■ **Raw data**:
(* Let $m,n\in\mathbb{N}$ and $\epsilon>0$. Let $\Gamma\subseteq\mathbb{Z}_n$ and let $f:\mathbb{Z}_n\to\mathbb{C}$ be a $|\Gamma|$-sparse function of the form $f(x)=\sum_{\alpha\in\Gamma}\widehat f(\alpha)\chi_\alpha(x)$. Let $\ell:=\min(n,m)$ and let $g:\mathbb{Z}_m\to\mathbb{C}$ be defined by $g(x)=f(x)$ for $0\le x<\ell$ and $g(x)=0$ otherwise. Let $r=|\Gamma|\,\|f\|_2^2/(2\epsilon)$ and $\Gamma'=\bigcup_{\alpha\in\Gamma}\{\beta\in\mathbb{Z}_m:|\frac mn\alpha-\beta|_m\le r+1\}$. Then $\|g-g|_{\Gamma'}\|_2^2\le\epsilon$.
   Context: $\mathbb{Z}_n=\{0,\dots,n-1\}$ with addition mod $n$; elements are treated as these integer representatives. For $h:\mathbb{Z}_n\to\mathbb{C}$: $\langle h_1,h_2\rangle=\frac1n\sum_x h_1(x)\overline{h_2(x)}$, $\|h\|_2^2=\langle h,h\rangle$, $\chi_\alpha(x)=\exp(2\pi i\alpha x/n)$, $\widehat h(\alpha)=\langle h,\chi_\alpha\rangle$; analogously on $\mathbb{Z}_m$ with $m$ in place of $n$. For $\Gamma'\subseteq\mathbb{Z}_m$ and $h:\mathbb{Z}_m\to\mathbb{C}$, $h|_{\Gamma'}=\sum_{\beta\in\Gamma'}\widehat h(\beta)\chi_{\beta,m}$. For $k\in\mathbb{N}$, $x\in\mathbb{R}$: $|x|_k=\min\{|x-kz|:z\in\mathbb{Z}\}$. *)

From mathcomp Require Import all_boot all_algebra complex.
From mathcomp Require Import all_classical all_reals all_analysis.
Set Implicit Arguments. Unset Strict Implicit. Unset Printing Implicit Defensive.
Import GRing.Theory Num.Theory.
Local Open Scope ring_scope.
Local Open Scope complex_scope.
Local Open Scope classical_set_scope.

(* Z_n is modelled by 'I_n = {0,..,n-1} (integer representatives);
   complex numbers are R[i] for a realType R. *)

Definition expi (R : realType) (t : R) : R[i] := Complex (cos t) (sin t).

Definition chi (R : realType) (n : nat) (alpha x : 'I_n) : R[i] :=
  expi (2 * pi * (alpha%:R * x%:R) / n%:R).

Definition inner (R : realType) (n : nat) (h1 h2 : 'I_n -> R[i]) : R[i] :=
  (n%:R)^-1 * \sum_(x < n) h1 x * (h2 x)^*.

Definition fhat (R : realType) (n : nat) (h : 'I_n -> R[i]) (alpha : 'I_n) : R[i] :=
  inner h (chi R alpha).

Definition norm2sq (R : realType) (n : nat) (h : 'I_n -> R[i]) : R :=
  (n%:R)^-1 * \sum_(x < n) (Normc.normc (h x)) ^+ 2.

Definition restrictF (R : realType) (n : nat) (h : 'I_n -> R[i]) (G : {set 'I_n})
  : 'I_n -> R[i] :=
  fun x => \sum_(beta in G) fhat h beta * chi R beta x.

Definition distk (R : realType) (k : nat) (x : R) : R :=
  inf [set `|x - k%:R * z%:~R| | z in [set: int]].

From mathcomp Require Import all_boot all_algebra complex.
From mathcomp Require Import all_classical all_reals all_analysis.
From mathcomp Require Import order ring lra zify.
Set Implicit Arguments.
Unset Strict Implicit.
Unset Printing Implicit Defensive.
Import Order.TTheory GRing.Theory Num.Theory numFieldNormedType.Exports.
Local Open Scope ring_scope.

(* By Parseval, the error is the energy sum_{b notin Gamma'} |ghat b|^2.  Truncating f to
   [0, l) turns ghat b into sum_a fhat a * D_a(b), where D_a(b) = (1/m) sum_{x<l} e^{i t x}
   with t = 2 pi (m a / n - b) / m is a geometric sum; hence |D_a(b)| <= 1/(m |sin(t/2)|),
   and Jordan's inequality bounds this by 1/(2 d) with d = |m a / n - b|_m.  Cauchy-Schwarz
   gives |ghat b|^2 <= ||f||^2 sum_a |D_a(b)|^2.  For b notin Gamma' we have d > r + 1, and as
   b runs over Z_m the distances are phi + j and 1 - phi + j (j = 0, 1, ...) for some phi in
   [0, 1); a telescoping bound on sum_{x > r + 1} 1/x^2 along each of these progressions gives
   sum_b |D_a(b)|^2 <= 2/(4r), so the error is at most |Gamma| ||f||^2 / (2r) = eps. *)

Local Notation normc := Normc.normc.

Section ComplexExponential.
Variable R : realType.
Implicit Types (s t : R) (z : R[i]).

Lemma expiD s t : expi (s + t) = expi s * expi t.
Proof. by rewrite /expi cosD sinD /=; congr Complex; ring. Qed.

Lemma expi0 : expi 0 = 1 :> R[i].
Proof. by rewrite /expi cos0 sin0. Qed.

Lemma expi_conj t : (expi t)^* = expi (- t).
Proof. by rewrite /expi cosN sinN. Qed.

Lemma expiX t k : expi t ^+ k = expi (t *+ k).
Proof.
elim: k => [|k IHk]; first by rewrite expr0 mulr0n expi0.
by rewrite exprS IHk mulrS expiD.
Qed.

Lemma expi_2pi_natr (k : nat) : expi (2 * pi * k%:R) = 1 :> R[i].
Proof.
have -> : 2 * pi * k%:R = 0 + (pi *+ 2) *+ k :> R by rewrite add0r -mulr_natr; ring.
by rewrite /expi (periodicn (@cosD2pi R)) (periodicn (@sinD2pi R)) cos0 sin0.
Qed.

Lemma normc_ge0 z : 0 <= normc z.
Proof. by case: z => a b; rewrite sqrtr_ge0. Qed.

Lemma normc_sqr z : (normc z ^+ 2)%:C%C = z * z^*.
Proof.
by case: z => a b /=; rewrite sqr_sqrtr ?addr_ge0 ?sqr_ge0 //; congr Complex; ring.
Qed.

Lemma normc_real t : normc t%:C%C = `|t|.
Proof. by rewrite /= expr0n /= addr0 sqrtr_sqr. Qed.

Lemma normc_expi t : normc (expi t) = 1.
Proof. by rewrite /= cos2Dsin2 sqrtr1. Qed.

Lemma normc_sum_le (I : finType) (P : pred I) (F : I -> R[i]) :
  normc (\sum_(i | P i) F i) <= \sum_(i | P i) normc (F i).
Proof.
elim/big_rec2: _ => [|i y1 y2 _ IH]; first by rewrite Normc.normc0.
by apply: le_trans (le_normcD _ _) _; rewrite lerD2l.
Qed.
(* Let $\mathcal{C}$ be a category. Natural weak factorisation systems on $\mathcal{C}$ are in bijection with bialgebras in the strict 2-fold monoidal category $(\mathbf{Ff}_{\mathcal{C}},\otimes,I,\odot,\bot)$ described below.
   Context: $\mathcal{C}^{\mathbf 2}$ is the arrow category (objects: morphisms $f\colon X\to Y$; morphisms $(h,k)\colon f\to g$: commuting squares $gh=kf$). A functorial factorisation $(E,\lambda,\rho)$ is a functor $E\colon\mathcal{C}^{\mathbf 2}\to\mathcal{C}$ with natural $\lambda\colon\mathrm{dom}\Rightarrow E$, $\rho\colon E\Rightarrow\mathrm{cod}$, $\rho_f\lambda_f=f$. $\mathbf{Ff}_{\mathcal{C}}$ has these as objects and as morphisms natural $\alpha\colon E\Rightarrow E'$ with $\alpha\lambda=\lambda'$, $\rho'\alpha=\rho$. Monoidal structures: $(E',\lambda',\rho')\otimes(E,\lambda,\rho)$ factorises $f$ as $X\xrightarrow{\lambda'_{\rho_f}\lambda_f}E'(\rho_f)\xrightarrow{\rho'_{\rho_f}}Y$, unit $I=(\mathrm{dom},1,\kappa)$ (initial); $(E',\lambda',\rho')\odot(E,\lambda,\rho)$ factorises $f$ as $X\xrightarrow{\lambda'_{\lambda_f}}E'(\lambda_f)\xrightarrow{\rho_f\rho'_{\lambda_f}}Y$, unit $\bot=(\mathrm{cod},\kappa,1)$ (terminal); on morphisms $(\beta\otimes\alpha)_f=\beta_{\nu_f}E'(\alpha_f,1_Y)$, $(\beta\odot\alpha)_f=\beta_{\mu_f}E'(1_X,\alpha_f)$ for $\alpha\colon(E,\lambda,\rho)\to(F,\mu,\nu)$, $\beta\colon(E',\ldots)\to(F',\mu',\nu')$. The 2-fold structure: $m,c,j$ are the unique maps (from the initial / to the terminal object), and for $A=(E^1,\lambda^1,\rho^1)$, $B=(E^2,\ldots)$, $C=(E^3,\ldots)$, $D=(E^4,\ldots)$ the component at $f\colon X\to Y$ of $z_{A,B,C,D}\colon(A\odot B)\otimes(C\odot D)\to(A\otimes C)\odot(B\otimes D)$ is $E^1\big(E^3(1_X,\lambda^2_{\rho^4_f}),\,E^2(\rho^3_{\lambda^4_f},1_Y)\big)$. A bialgebra is $(A,\eta,\mu,\epsilon,\Delta)$ with $(A,\eta,\mu)$ a $\otimes$-monoid, $(A,\epsilon,\Delta)$ a $\odot$-comonoid, such that $\Delta\eta=(\eta\odot\eta)c$, $\epsilon\mu=m(\epsilon\otimes\epsilon)$, $\epsilon\eta=j$ and $\Delta\mu=(\mu\odot\mu)\,z_{A,A,A,A}\,(\Delta\otimes\Delta)$. A natural weak factorisation system (n.w.f.s.) on $\mathcal{C}$ is a functorial factorisation $(E,\lambda,\rho)$ together with natural families $\sigma_f\colon Ef\to E(\lambda_f)$ and $\pi_f\colon E(\rho_f)\to Ef$ (natural in $f$, where $L,R\colon\mathcal{C}^{\mathbf 2}\to\mathcal{C}^{\mathbf 2}$ send $f$ to $\lambda_f$, $\rho_f$) satisfying $\sigma_f\lambda_f=\lambda_{\lambda_f}$, $\rho_f\pi_f=\rho_{\rho_f}$, $\rho_{\lambda_f}\sigma_f=1$, $\pi_f\lambda_{\rho_f}=1$, $E(1_X,\rho_f)\sigma_f=1$, $\pi_fE(\lambda_f,1_Y)=1$, $E(1_X,\sigma_f)\sigma_f=\sigma_{\lambda_f}\sigma_f$, $\pi_fE(\pi_f,1_Y)=\pi_f\pi_{\rho_f}$, and $\sigma_f\pi_f=\pi_{\lambda_f}E(\sigma_f,\pi_f)\sigma_{\rho_f}$ (equivalently: a comonad $\mathsf L$ on $\mathcal{C}^{\mathbf 2}$ over $\mathrm{dom}$ with underlying functor $L$, a monad $\mathsf R$ over $\mathrm{cod}$ with underlying functor $R$, and a distributive law $LR\Rightarrow RL$). *)

From Stdlib Require Import ProofIrrelevance.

■ **Problem statement**: Scan the data above for the string "inner" and copy each line where it appears.

■ **Response below**:
Definition inner (R : realType) (n : nat) (h1 h2 : 'I_n -> R[i]) : R[i] :=
  inner h (chi R alpha).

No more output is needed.